CBS News Correspondent Mark Phillips reports the U.N. has been taking a precise inventory of Iraq's 
al-Samoud 2 missile arsenal, determining how many there are and where they are.

Discovering that the al-Samoud 2 has been flying too far in tests has been one of the inspectors' 
major successes. But the missile has only been exceeding its 93-mile limit by about 15 miles and 
that, the Iraqis say, is because it isn't yet loaded down with its guidance system. The al-Samoud 2 
is not the 800-mile-plus range missile that Secretary of State Colin Powell insists Iraq is 
In fact, the U.S. claim that Iraq is developing missiles that could hit its neighbors  or U.S. 

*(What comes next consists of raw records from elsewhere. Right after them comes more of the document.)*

Lemma fm_zero n (f : n.-tuple D -> extQ) (X : m.-tuple (n.-tuple D)) :
  (forall k, f (tnth X k) = Some 0) -> fm f X = Some 0.
Proof.
move=> fX; rewrite /fm esum_zero /= ?mulr0 //.
by apply/allP => _ /mapP[_ /tnthP[k ->] ->]; rewrite fX.
Qed.

Lemma eqD_finite (y : 2.-tuple D) :
  (eqD_seq y != None) = (tnth y ord0 == tnth y ord_max).
Proof. by case: y => [[|u [|v [|? ?]]] //] y2; rewrite /tnth /=; case: (u == v). Qed.

Lemma eqD_zero (y : 2.-tuple D) :
  tnth y ord0 = tnth y ord_max -> eqD_seq y = Some 0.
Proof.
by case: y => [[|u [|v [|? ?]]] //] y2; rewrite /tnth /= => ->; rewrite eqxx.
Qed.

Lemma eqD_fm_apply_map (f : 2.-tuple D -> extQ) h (X : m.-tuple (2.-tuple D)) :
  (forall y, f y = eqD_seq y) -> (forall k, f (tnth X k) != None) ->
  fm f (apply_map h X) = Some 0.
Proof.
move=> fE Xdom; apply: fm_zero => k; rewrite fE.
have Xeq k' : tnth (tnth X k') ord0 = tnth (tnth X k') ord_max.
  by apply/eqP; rewrite -eqD_finite -fE.
exact: eqD_zero (apply_map_equal_columns h Xeq k).
Qed.

Lemma mem_perm_tuple (pi : 'S_m) (a : D) y : (a \in perm_tuple pi y) = (a \in y).
Proof.
apply/tnthP/tnthP => -[i ->]; first by exists (pi i); rewrite tnth_mktuple.
by exists (pi^-1 i)%g; rewrite tnth_mktuple permKV.
Qed.

End Tuples.

Section Blocks.
Variables (D : finType) (m : nat) (V : Type) (blk : D -> V).

Definition single_block (y : m.-tuple D) : Prop :=
  forall i j, blk (tnth y i) = blk (tnth y j).

Lemma single_block_perm (pi : 'S_m) y :
  single_block (perm_tuple pi y) <-> single_block y.
Proof.
split=> yS i j; last by rewrite !tnth_mktuple.
by have := yS (pi^-1 i)%g (pi^-1 j)%g; rewrite !tnth_mktuple !permKV.
Qed.

Lemma dom_const_single_block (G : language D) (f : m.-tuple D -> extQ)
    (x : m.-tuple D) (a : D) :
  block_finite G blk -> expressible G f -> f x != None ->
  single_block x -> a \in x -> f [tuple a | _ < m] != None.
Proof.
case=> blk_retract _ _ _ fE fx xS /tnthP[i0 ->].
have [g [gG g_blk]] := blk_retract (tnth x i0).
have -> : [tuple tnth x i0 | _ < m] = map_tuple g x.
  by apply: eq_from_tnth => i; rewrite tnth_mktuple tnth_map (g_blk _ (xS i i0)).
exact: (expressible_dom_preserving (G := G) gG fE fx).
Qed.

Variable a : D.

Definition collapse (g : Map D m) : Map D m :=
  [ffun y => if excluded_middle_informative (single_block y \/ a \notin y)
             then g y else [tuple a | _ < m]].

Lemma collapse_id g y : single_block y \/ a \notin y -> collapse g y = g y.
Proof. by move=> yS; rewrite ffunE; case: excluded_middle_informative. Qed.

Lemma collapse_diag g y :
  ~ single_block y -> a \in y -> collapse g y = [tuple a | _ < m].
Proof.
move=> yNS ay; rewrite ffunE.
by case: excluded_middle_informative => // -[|]; rewrite ?ay.
Qed.

Lemma collapse_Omega g : inOmega g -> inOmega (collapse g).
Proof.
move=> gO pi y; have [yS|yNS] := classic (single_block y \/ a \notin y).
  rewrite !collapse_id ?single_block_perm ?mem_perm_tuple //; exact: gO.
have [yNS1 ay] : ~ single_block y /\ a \in y.
  by split=> [yS|]; [apply: yNS; left | apply/negPn/negP => ?; apply: yNS; right].
rewrite !collapse_diag ?single_block_perm ?mem_perm_tuple //.
by apply: eq_from_tnth => i; rewrite !tnth_mktuple.
Qed.

Lemma apply_map_collapse n g (X : m.-tuple (n.-tuple D)) (vs : n.-tuple V) :
  (forall k j, blk (tnth (tnth X k) j) = tnth vs j) ->
  apply_map (collapse g) X = apply_map g X.
Proof.
move=> Xvs; apply: eq_from_tnth => i; rewrite !tnth_mktuple.
apply: eq_from_tnth => j; rewrite !tnth_mktuple collapse_id //; left => k1 k2.
by rewrite !tnth_mktuple !Xvs.
Qed.


Definition collapse_fpol (rho : seq (rat * Map D m)) : seq (rat * Map D m) :=
  [seq (p.1, collapse p.2) | p <- rho].

Lemma gfp_collapse (G : language D) (rho : seq (rat * Map D m)) :
  block_finite G blk -> gfp G rho -> gfp G (collapse_fpol rho).
Proof.
case=> _ _ _ blk_dom [rho_pos rho_sum rho_ineq]; rewrite /collapse_fpol; split.
- by move=> _ /mapP[p rho_p ->]; exact: rho_pos rho_p.
- by rewrite big_map.
move=> n f Gf X Xdom; have [[n2 fE]|fNeq] := classic (isEqD f).
  subst n; have fX : fm f X = Some 0.
    by rewrite -[X in fm f X]apply_map_idm; exact: eqD_fm_apply_map.
  rewrite fX esum_zero //; apply/allP => _ /mapP[p _ ->].
  by rewrite eqD_fm_apply_map //= mulr0.
have [vs Xvs] := blk_dom n f Gf fNeq.
have Xblk k j : blk (tnth (tnth X k) j) = tnth vs j by exact: Xvs.
rewrite -map_comp (eq_map (g := fun p => escale p.1 (fm f (apply_map p.2 X)))).
  exact: rho_ineq.
by move=> p /=; rewrite (apply_map_collapse _ Xblk).
Qed.

End Blocks.

Lemma gfp_supp_nonempty (D : finType) (m : nat) (G : language D)
    (rho : seq (rat * Map D m)) :
  gfp G rho -> exists g, g \in supp rho.
Proof.
case: rho => [|p rho] [_]; first by rewrite big_nil.
by exists p.2; rewrite inE mem_head.
Qed.

Lemma collapse_in_supp (D : finType) (m : nat) (V : Type) (blk : D -> V) (a : D)
    (G : language D) (w : seq (rat * Map D m)) (g : Map D m) :
  block_finite G blk -> is_omega G w -> g \in supp w -> collapse blk a g \in supp w.
Proof.
move=> bf [wgfp wOmega wmax]; rewrite [g \in _]inE => /mapP[p pw ->].
have collapse_w_Omega h : h \in supp (collapse_fpol blk a w) -> inOmega h.
  rewrite inE /collapse_fpol -map_comp => /mapP[q qw ->].
  by apply: collapse_Omega; apply: wOmega; rewrite inE map_f.
apply: (subsetP (wmax _ (gfp_collapse a bf wgfp) collapse_w_Omega)).
by rewrite inE /collapse_fpol -map_comp; exact: (map_f (snd \o _)).
Qed.
(* Consider the decoding setting fixed in the context. Let $t_j=|\mathcal{A}_j|$ and run the index-collision-resolution procedure with $\hat t_j=t_j$, which terminates after $\tau$ iterations. Assume that (no $E_1$) $t_j\le T$, and that (no $E_2$) whenever, during this run, the decoder $D$ of $\mathcal{C}$ is applied to a vector of the form $[\mathbf{c}+\tilde{\mathbf{z}}_j/2^{\ell}]\bmod 2$ with $\mathbf{c}\in\mathcal{C}$ and $\ell$ a nonnegative integer, it outputs $\mathbf{c}$. Then for every $\ell\ge1$ (with $\ell\le\tau$), $\mathcal{U}(\mathcal{A}^{(\ell)}_j)=\bigcup_{\ell'=\ell}^{\tau}\mathcal{L}^{(\ell')}$.
   Context: Codes. Let $\mathbf{H}\in\{0,1\}^{m_p\times n_p}$ be a parity-check matrix of a binary linear code $\mathcal{C}_{\mathrm{aux}}$ of length $n_p$ with minimum Hamming distance $d$, and let $T=\lfloor (d-1)/2\rfloor$; denote the $u$-th column of $\mathbf{H}$ by $\mathbf{h}_u$. Let $\mathbf{G}\in\{0,1\}^{m_p\times n}$ be a generator matrix (full row rank) of a binary linear code $\mathcal{C}$ of length $n$ and dimension $m_p$. For $u\in\{1,\dots,n_p\}$ put $\mathbf{c}(u)=\mathbf{h}_u^T\mathbf{G}\bmod 2$ and define $\mathbf{x}(u)\in\mathbb{R}^n$ componentwise by $\mathbf{x}(u)_k=2a(\mathbf{c}(u)_k-1/2)$, where $a>0$ is fixed. Channel. In sub-block $j$, a finite set $\mathcal{A}_j$ of users transmits; user $i\in\mathcal{A}_j$ chose $u_i\in\{1,\dots,n_p\}$ and sends $\mathbf{x}_{i,j}=\mathbf{x}(u_i)$. The received vector is $\mathbf{y}_j=\sum_{i\in\mathcal{A}_j}\mathbf{x}(u_i)+\mathbf{z}_j$ with noise $\mathbf{z}_j\in\mathbb{R}^n$; put $\tilde{\mathbf{z}}_j=\mathbf{z}_j/(2a)$. ''$\bmod 2$'' on real vectors is componentwise reduction into $[0,2)$. Basic decoder $\Phi$. For $\mathbf{y}\in\mathbb{R}^n$ and integer $\hat t\ge0$: form $\tilde{\mathbf{y}}=[\mathbf{y}/(2a)+\hat t/2]\bmod 2$; apply a decoder $D$ for $\mathcal{C}$, obtaining $\tilde{\mathbf{c}}\in\mathcal{C}$ (or a flagged error); recover the unique $\tilde{\mathbf{h}}$ with $\tilde{\mathbf{h}}^T\mathbf{G}=\tilde{\mathbf{c}}\bmod 2$; apply the bounded-distance syndrome decoder of $\mathcal{C}_{\mathrm{aux}}$, which returns the unique $S\subseteq\{1,\dots,n_p\}$ with $|S|\le T$ and $\sum_{u\in S}\mathbf{h}_u=\tilde{\mathbf{h}}\bmod 2$ if it exists and flags an error otherwise. $\Phi(\mathbf{y},\hat t)$ is the returned set (or $\emptyset$ with a flagged error). ICR procedure for an estimate $\hat t_j$: $\mathbf{y}^{(1)}_j=\mathbf{y}_j$, $\hat t^{(1)}_j=\hat t_j$, $\mathcal{L}^{(1)}=\Phi(\mathbf{y}^{(1)}_j,\hat t^{(1)}_j)$. For $\ell\ge1$: if $|\mathcal{L}^{(\ell)}|=\hat t^{(\ell)}_j$, stop with $\tau=\ell$ and return $\mathcal{L}^{(1)},\dots,\mathcal{L}^{(\tau)}$; if $|\mathcal{L}^{(\ell)}|>\hat t^{(\ell)}_j$, return an error; if $|\mathcal{L}^{(\ell)}|<\hat t^{(\ell)}_j$, set $\hat t^{(\ell+1)}_j=(\hat t^{(\ell)}_j-|\mathcal{L}^{(\ell)}|)/2$ (error if not an integer), $\mathbf{y}^{(\ell+1)}_j=(\mathbf{y}^{(\ell)}_j-\sum_{u\in\mathcal{L}^{(\ell)}}\mathbf{x}(u))/2$, $\mathcal{L}^{(\ell+1)}=\Phi(\mathbf{y}^{(\ell+1)}_j,\hat t^{(\ell+1)}_j)$, and continue. Auxiliary sets. For $u\in\{1,\dots,n_p\}$ let $\mathcal{A}^{(1)}_j(u)=\{i\in\mathcal{A}_j:u_i=u\}$. For $\ell\ge1$, let $\mathcal{B}^{(\ell)}_j(u)\subseteq\mathcal{A}^{(\ell)}_j(u)$ be an (arbitrary) subset with $|\mathcal{B}^{(\ell)}_j(u)|=2\lfloor|\mathcal{A}^{(\ell)}_j(u)|/2\rfloor$, and $\mathcal{A}^{(\ell+1)}_j(u)\subseteq\mathcal{B}^{(\ell)}_j(u)$ an (arbitrary) subset with $|\mathcal{A}^{(\ell+1)}_j(u)|=|\mathcal{B}^{(\ell)}_j(u)|/2$. Put $\mathcal{A}^{(\ell)}_j=\bigcup_u\mathcal{A}^{(\ell)}_j(u)$, $\mathcal{B}^{(\ell)}_j=\bigcup_u\mathcal{B}^{(\ell)}_j(u)$. For a set $\mathcal{S}$ of users, $\mathcal{U}(\mathcal{S})=\{u_i:i\in\mathcal{S}\}$. *)

From HB Require Import structures.
From mathcomp Require Import all_boot all_order all_algebra.
From mathcomp Require Import reals.
Set Implicit Arguments. Unset Strict Implicit. Unset Printing Implicit Defensive.
Import Order.TTheory GRing.Theory Num.Theory.
Local Open Scope ring_scope.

troops in the region, or even Israel  is just one of the claims coming from Washington that 
inspectors here are finding increasingly unbelievable. The inspectors have become so frustrated 
trying to chase down unspecific or ambiguous U.S. leads that they've begun to express that anger 
privately in no uncertain terms.
U.N. sources have told CBS News that American tips have lead to one dead end after another.
Example: satellite photographs purporting to show new research buildings at Iraqi nuclear sites. 
When the U.N. went into the new buildings they found "nothing."
Example: Saddam's presidential palaces, where the inspectors went with specific coordinates 
supplied by the U.S. on where to look for incriminating evidence. Again, they found "nothing."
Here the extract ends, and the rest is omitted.